First Author  Gonçalves LA Year  2013
Journal  Proc Natl Acad Sci U S A Volume  110
Issue  48 Pages  19531-6
PubMed ID  24218563 Mgi Jnum  J:202965
Mgi Id  MGI:5523712 Doi  10.1073/pnas.1306873110
Citation  Goncalves LA, et al. (2013) TREM2 governs Kupffer cell activation and explains belr1 genetic resistance to malaria liver stage infection. Proc Natl Acad Sci U S A 110(48):19531-6
abstractText  Plasmodium liver stage infection is a target of interest for the treatment of and vaccination against malaria. Here we used forward genetics to search for mechanisms underlying natural host resistance to infection and identified triggering receptor expressed on myeloid cells 2 (TREM2) and MHC class II molecules as determinants of Plasmodium berghei liver stage infection in mice.
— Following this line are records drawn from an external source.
(* For every positive integer $k$, \[ \sum_{i+t\le k}B_{2t}\,2^{2t}\binom{2k+2}{2t,\;2i+1,\;2k-2t-2i+1}=2^{2k+1}(k+1), \] where the sum ranges over all pairs of nonnegative integers $i,t$ with $i+t\le k$.
   Context: The Bernoulli numbers $B_m$ ($m\ge 0$) are defined by $\dfrac{x}{e^x-1}=\sum_{m=0}^\infty B_m\dfrac{x^m}{m!}$. The trinomial coefficient is $\binom{n}{r_1,r_2,r_3}=\dfrac{n!}{r_1!\,r_2!\,r_3!}$ for nonnegative integers $r_1+r_2+r_3=n$. *)

From HB Require Import structures.
From mathcomp Require Import all_boot all_order all_algebra.
Set Implicit Arguments. Unset Strict Implicit. Unset Printing Implicit Defensive.
Import Order.TTheory GRing.Theory Num.Theory.
Local Open Scope ring_scope.

(* Bernoulli numbers B_0, ..., B_n (as rationals), via the coefficient
   identity of x = (e^x - 1) * (sum_m B_m x^m/m!):
   for m >= 1, sum_{j=0}^{m} C(m+1,j) B_j = 0, and B_0 = 1.
   (Convention B_1 = -1/2, matching x/(e^x-1).) *)
Fixpoint bern_seq (n : nat) : seq rat :=
  match n with
  | 0 => [:: 1]
  | n'.+1 =>
      let s := bern_seq n' in
      rcons s (- (\sum_(j < n'.+1) ('C(n'.+2, j))%:R * s`_j) / (n'.+2)%:R)
  end.

Definition bernoulli (m : nat) : rat := (bern_seq m)`_m.

(* trinomial coefficient n!/(r1! r2! r3!) (used only with r1+r2+r3 = n) *)
Definition trinomial (n r1 r2 r3 : nat) : nat :=
  (n`! %/ (r1`! * r2`! * r3`!))%N.

(* Writing the trinomial coefficient as C(2k+2, 2t) C(2k+2-2t, 2i+1), the
   inner sum over i is a sum of odd-index binomial coefficients, equal to
   2^(2(k-t)+1); the powers of 2 combine into 2^(2k+1), and what remains is
   sum_t C(2k+2, 2t) B_(2t).  By the defining recurrence
   sum_(j < 2k+2) C(2k+2, j) B_j = 0 this equals k+1, because the odd Bernoulli
   numbers vanish except B_1 = -1/2.  That vanishing is the identity
   (-1)^m B_m = B_m + [m = 1]: binomial inversion of the recurrence shows that
   both sides have the same binomial transform. *)

From HB Require Import structures.
From mathcomp Require Import all_boot all_order all_algebra.
From mathcomp Require Import ring lra zify.
Import Order.TTheory GRing.Theory Num.Theory.
Local Open Scope ring_scope.

Lemma size_bern_seq n : size (bern_seq n) = n.+1.
Proof. by elim: n => [|n IH] //=; rewrite size_rcons IH. Qed.

Lemma nth_bern_seq n j : (j <= n)%N -> (bern_seq n)`_j = bernoulli j.
Proof.
elim: n => [|n IH]; first by rewrite leqn0 => /eqP ->.
rewrite leq_eqVlt => /orP [/eqP -> //| ltjn].
by rewrite /= nth_rcons size_bern_seq ltjn IH.
Qed.

Lemma bernoulliS n : bernoulli n.+1 =
  - (\sum_(j < n.+1) 'C(n.+2, j)%:R * bernoulli j) / n.+2%:R.
Proof.
rewrite /bernoulli /= nth_rcons size_bern_seq ltnn eqxx.
by congr (- _ / _); apply: eq_bigr => j _; rewrite nth_bern_seq // -ltnS.
Qed.

Lemma sum_bin_bernoulli n :
  \sum_(j < n) 'C(n, j)%:R * bernoulli j = (n == 1)%:R.
Proof.
case: n => [|[|n]]; first by rewrite big_ord0.
  by rewrite big_ord1 mul1r.
rewrite big_ord_recr /= binSn bernoulliS.
by field; rewrite -[2]/(2%N%:R) -natrD pnatr_eq0.
Qed.

Lemma sum_alt_bin (R : comPzRingType) N :
  \sum_(i < N.+1) (-1) ^+ i * 'C(N, i)%:R = (N == 0)%:R :> R.
Proof.
have := exprBn (1 : R) 1 N; rewrite subrr expr0n => ->.
by apply: eq_bigr => i _; rewrite !expr1n !mulr1 mulr_natr.
Qed.

Lemma mul_bin_sub n m j : (j <= m <= n)%N ->
  ('C(n, m) * 'C(m, j) = 'C(n, j) * 'C(n - j, m - j))%N.
Proof.
move=> /andP[le_jm le_mn].
apply/eqP; rewrite -(@eqn_pmul2r (j`! * (m - j)`! * (n - m)`!)); last first.
  by rewrite !muln_gt0 !fact_gt0.
have nm_eq : (n - j - (m - j) = n - m)%N by lia.
have fact_m := bin_fact le_jm.
have fact_n := bin_fact le_mn.
have fact_nj : ('C(n, j) * (j`! * (n - j)`!) = n`!)%N by apply: bin_fact; lia.
have fact_n_j : ('C(n - j, m - j) * ((m - j)`! * (n - m)`!) = (n - j)`!)%N.
  by rewrite -nm_eq bin_fact //; lia.
apply/eqP; transitivity ('C(n, m) * ('C(m, j) * (j`! * (m - j)`!)) * (n - m)`!)%N.
  by ring.
rewrite fact_m -mulnA fact_n -fact_nj -fact_n_j; ring.
Qed.

Lemma sum_alt_bin_mul_bin (R : comPzRingType) n j : (j <= n)%N ->
  \sum_(m < n.+1) (-1) ^+ m * ('C(n, m) * 'C(m, j))%:R = (-1) ^+ j * (n == j)%:R :> R.
Proof.
move=> le_jn.
rewrite -(big_mkord xpredT (fun m => (-1) ^+ m * ('C(n, m) * 'C(m, j))%:R)).
rewrite (big_cat_nat _ (n := j)) //=; last by rewrite ltnW.
rewrite big_nat big1 ?add0r; last first.
  by move=> m /andP[_ lt_mj]; rewrite (bin_small lt_mj) muln0 mulr0.
rewrite (big_addn 0 n.+1 j) (subSn le_jn) big_mkord.
transitivity ((-1) ^+ j * 'C(n, j)%:R * \sum_(i < (n - j).+1) (-1) ^+ i * 'C(n - j, i)%:R : R).
  rewrite mulr_sumr; apply: eq_bigr => i _.
  have le_ij_n : (i + j <= n)%N by have := ltn_ord i; lia.
  by rewrite mul_bin_sub ?leq_addl // addnK natrM exprD; ring.
rewrite sum_alt_bin subn_eq0; have [le_nj | lt_jn] := leqP n j.
  have -> : n = j by apply/eqP; rewrite eqn_leq le_nj.
  by rewrite binn eqxx !mulr1.
by rewrite (gtn_eqF lt_jn) !mulr0.
Qed.

Lemma sum_bin_bernoulli_widen n m : (m <= n)%N ->
  \sum_(j < n.+1) 'C(m, j)%:R * bernoulli j = (m == 1)%:R + bernoulli m.
Proof.
move=> le_mn; transitivity (\sum_(j < m.+1) 'C(m, j)%:R * bernoulli j).
  rewrite [RHS](big_ord_widen n.+1 (fun j => 'C(m, j)%:R * bernoulli j)) // [RHS]big_mkcond.
  by apply: eq_bigr => j _; case: ltnP => // lt_mj; rewrite bin_small // mul0r.
by rewrite big_ord_recr /= sum_bin_bernoulli binn mul1r.
Qed.

Lemma sum_bin_alt_bernoulli n :
  \sum_(j < n) 'C(n, j)%:R * ((-1) ^+ j * bernoulli j) = n%:R.
Proof.
(* Evaluate X summing over j first (the recurrence) and over m first
   (orthogonality of alternating binomial coefficients). *)
pose X := \sum_(m < n.+1) (-1) ^+ m * 'C(n, m)%:R *
            \sum_(j < n.+1) 'C(m, j)%:R * bernoulli j.
have X_first : X = - n%:R + \sum_(m < n.+1) 'C(n, m)%:R * ((-1) ^+ m * bernoulli m).
  rewrite /X (eq_bigr (fun m : 'I_n.+1 => (-1) ^+ m * 'C(n, m)%:R * (m == 1%N :> nat)%:R +
    'C(n, m)%:R * ((-1) ^+ m * bernoulli m))); last first.
    by move=> m _; rewrite sum_bin_bernoulli_widen -1?ltnS //; ring.
  rewrite big_split /=; congr (_ + _); clear X.
  case: n => [|n]; first by rewrite big_ord1 mulr0 oppr0.
  rewrite 2!big_ord_recl big1 => [|m _]; last by rewrite mulr0.
  by rewrite /= bin1 expr1 !mulr0 !mulr1 add0r addr0 mulN1r.
have X_second : X = (-1) ^+ n * bernoulli n.
  rewrite /X (eq_bigr (fun m : 'I_n.+1 => \sum_(j < n.+1)
     (-1) ^+ m * ('C(n, m) * 'C(m, j))%:R * bernoulli j)); last first.
    by move=> m _; rewrite mulr_sumr; apply: eq_bigr => j _; rewrite natrM; ring.
  rewrite exchange_big /= big_ord_recr big1 /= => [|j _]; last first.
    have /gtn_eqF n_neq_j := ltn_ord j.
    by rewrite -mulr_suml sum_alt_bin_mul_bin ?(ltnW (ltn_ord j)) // n_neq_j !mulr0 mul0r.
  by rewrite add0r -big_distrl /= sum_alt_bin_mul_bin // eqxx mulr1.
by move: X_second; rewrite X_first big_ord_recr /= binn mul1r; lra.
Qed.

Lemma binomial_transform_eq0 (R : numDomainType) (d : nat -> R) :
  d 0 = 0 -> (forall n, \sum_(j < n.+2) 'C(n.+2, j)%:R * d j = 0) ->
  forall m, d m = 0.
Proof.
move=> d0 sum_d0; elim/ltn_ind => -[//|n] IH.
have := sum_d0 n; rewrite big_ord_recr big1 /= => [|j _]; last first.
  by rewrite IH ?mulr0 // ltnS ltnW.
by rewrite add0r binSn => /eqP; rewrite mulf_eq0 pnatr_eq0 => /eqP.
Qed.

Lemma bernoulli_sign m : (-1) ^+ m * bernoulli m = bernoulli m + (m == 1)%:R.
Proof.
apply/eqP; rewrite -subr_eq0; apply/eqP; move: m.
apply: binomial_transform_eq0 => [|n].
  by rewrite expr0 mul1r addr0 subrr.
under eq_bigr => j _ do rewrite mulrBr mulrDr.
rewrite sumrB big_split /= sum_bin_alt_bernoulli sum_bin_bernoulli /=.
rewrite 2!big_ord_recl big1 => [|j _]; last by rewrite mulr0.
by rewrite /= bin1 !mulr0 !mulr1 !add0r !addr0 subrr.
Qed.

Lemma bernoulli_odd i : bernoulli (2 * i).+1 = - (i == 0)%:R / 2.
Proof.
have := bernoulli_sign (2 * i).+1.
rewrite exprS exprM sqrrN expr1n mulr1.
by case: i => [|i] /=; lra.
Qed.

Lemma big_ord_double {R : Type} {idx : R} {op : Monoid.law idx} n (F : nat -> R) :
  \big[op/idx]_(j < 2 * n) F j = \big[op/idx]_(i < n) op (F (2 * i)%N) (F (2 * i).+1).
Proof.
elim: n => [|n IH]; first by rewrite !big_ord0.
by rewrite mulnS add2n !big_ord_recr /= IH Monoid.mulmA.
Qed.

Lemma sum_bin_bernoulli_even k :
  \sum_(t < k.+1) 'C(2 * k.+1, 2 * t)%:R * bernoulli (2 * t) = k.+1%:R.
Proof.
have := sum_bin_bernoulli (2 * k.+1).
rewrite (big_ord_double _ (fun j => 'C(2 * k.+1, j)%:R * bernoulli j)) big_split /=.
rewrite [X in _ + X]big_ord_recl [X in _ + (_ + X)]big1 => [|i _]; last first.
  by rewrite /= bernoulli_odd /= oppr0 mul0r mulr0.
rewrite bernoulli_odd bin1 addr0 natrM [in X in _ = X -> _]mulnS add2n /=; lra.
Qed.

Lemma trinomialE n a b : (a + b <= n)%N ->
  trinomial n a b (n - a - b) = ('C(n, a) * 'C(n - a, b))%N.
Proof.
move=> le_abn; rewrite /trinomial.
have fact_n : ('C(n, a) * (a`! * (n - a)`!) = n`!)%N by apply: bin_fact; lia.
have fact_na : ('C(n - a, b) * (b`! * (n - a - b)`!) = (n - a)`!)%N.
  by apply: bin_fact; lia.
rewrite -fact_n -fact_na.
rewrite (_ : (_ * _ = 'C(n, a) * 'C(n - a, b) * (a`! * b`! * (n - a - b)`!))%N); last by ring.
by rewrite mulnK // !muln_gt0 !fact_gt0.
Qed.

Lemma sum_bin_odd m : (\sum_(i < m.+1) 'C((2 * m).+2, (2 * i).+1) = 2 ^ (2 * m).+1)%N.
Proof.
under eq_bigr => i _ do rewrite binS addnC.
rewrite -(big_ord_double _ (fun j => 'C((2 * m).+1, j))) mulnS add2n.
transitivity ((1 + 1) ^ (2 * m).+1)%N; last by [].
rewrite expnDn.
by apply: eq_bigr => j _; rewrite !exp1n !muln1.
Qed.

Lemma sum_trinomial_odd k t : (t <= k)%N ->
  (\sum_(i < k.+1 | i + t <= k)
     trinomial (2 * k + 2) (2 * t) (2 * i + 1) (2 * k - 2 * t - 2 * i + 1)
   = 'C(2 * k.+1, 2 * t) * 2 ^ (2 * (k - t)).+1)%N.
Proof.
move=> le_tk; rewrite -sum_bin_odd big_distrr /=.
pose F i := ('C(2 * k.+1, 2 * t) * 'C((2 * (k - t)).+2, (2 * i).+1))%N.
rewrite [RHS](big_ord_widen k.+1 F); last by rewrite ltnS leq_subr.
apply: eq_big => [i | i le_itk]; first by rewrite ltnS leq_subRL // addnC.
rewrite (_ : 2 * k - 2 * t - 2 * i + 1 = 2 * k + 2 - 2 * t - (2 * i + 1))%N; last by lia.
rewrite trinomialE; last by lia.
have -> : (2 * k + 2 = 2 * k.+1)%N by lia.
have -> : (2 * k.+1 - 2 * t = (2 * (k - t)).+2)%N by lia.
by rewrite addn1.
Qed.

Theorem mainTheorem3 (k : nat) (hk : (0 < k)%N) :
  \sum_(t < k.+1) \sum_(i < k.+1 | (i + t <= k)%N)
     bernoulli (2 * t) * 2%:R ^+ (2 * t)
       * (trinomial (2 * k + 2) (2 * t) (2 * i + 1) (2 * k - 2 * t - 2 * i + 1))%:R
  = 2%:R ^+ (2 * k + 1) * (k.+1)%:R.
Proof.
rewrite -(sum_bin_bernoulli_even k) mulr_sumr; apply: eq_bigr => t _.
have le_tk : (t <= k)%N by rewrite -ltnS.
rewrite -mulr_sumr -natr_sum sum_trinomial_odd // natrM natrX.
have -> : (2 * k + 1 = 2 * t + (2 * (k - t)).+1)%N by lia.
by rewrite exprD; ring.
Qed.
Locus belr1 confers resistance to malaria liver stage infection. The use of newly derived subcongenic mouse lines allowed to map belr1 to a 4-Mb interval on mouse chromosome 17 that contains the Trem2 gene. We show that Trem2 expression in the nonparenchymal liver cells closely correlates with resistance to liver stage infection, implicating TREM2 as a mediator of the belr1 genetic effect. Trem2-deficient mice are more susceptible to liver stage infection than their WT counterparts. We found that Kupffer cells are the principle cells expressing TREM2 in the liver, and that Trem2(-/-) Kupffer cells display altered functional activation on exposure to P. berghei sporozoites. TREM2 expression in Kupffer cells contributes to the limitation of parasite expansion in isolated hepatocytes in vitro, potentially explaining the increased susceptibility of Trem2(-/-) mice to liver stage infection. The MHC locus was also found to control liver parasite burden, possibly owing to the expression of MHC class II molecules in hepatocytes. Our findings implicate unexpected Kupffer-hepatocyte cross-talk in the control Plasmodium liver stage infection and demonstrate that TREM2 is involved in host responses against the malaria parasite.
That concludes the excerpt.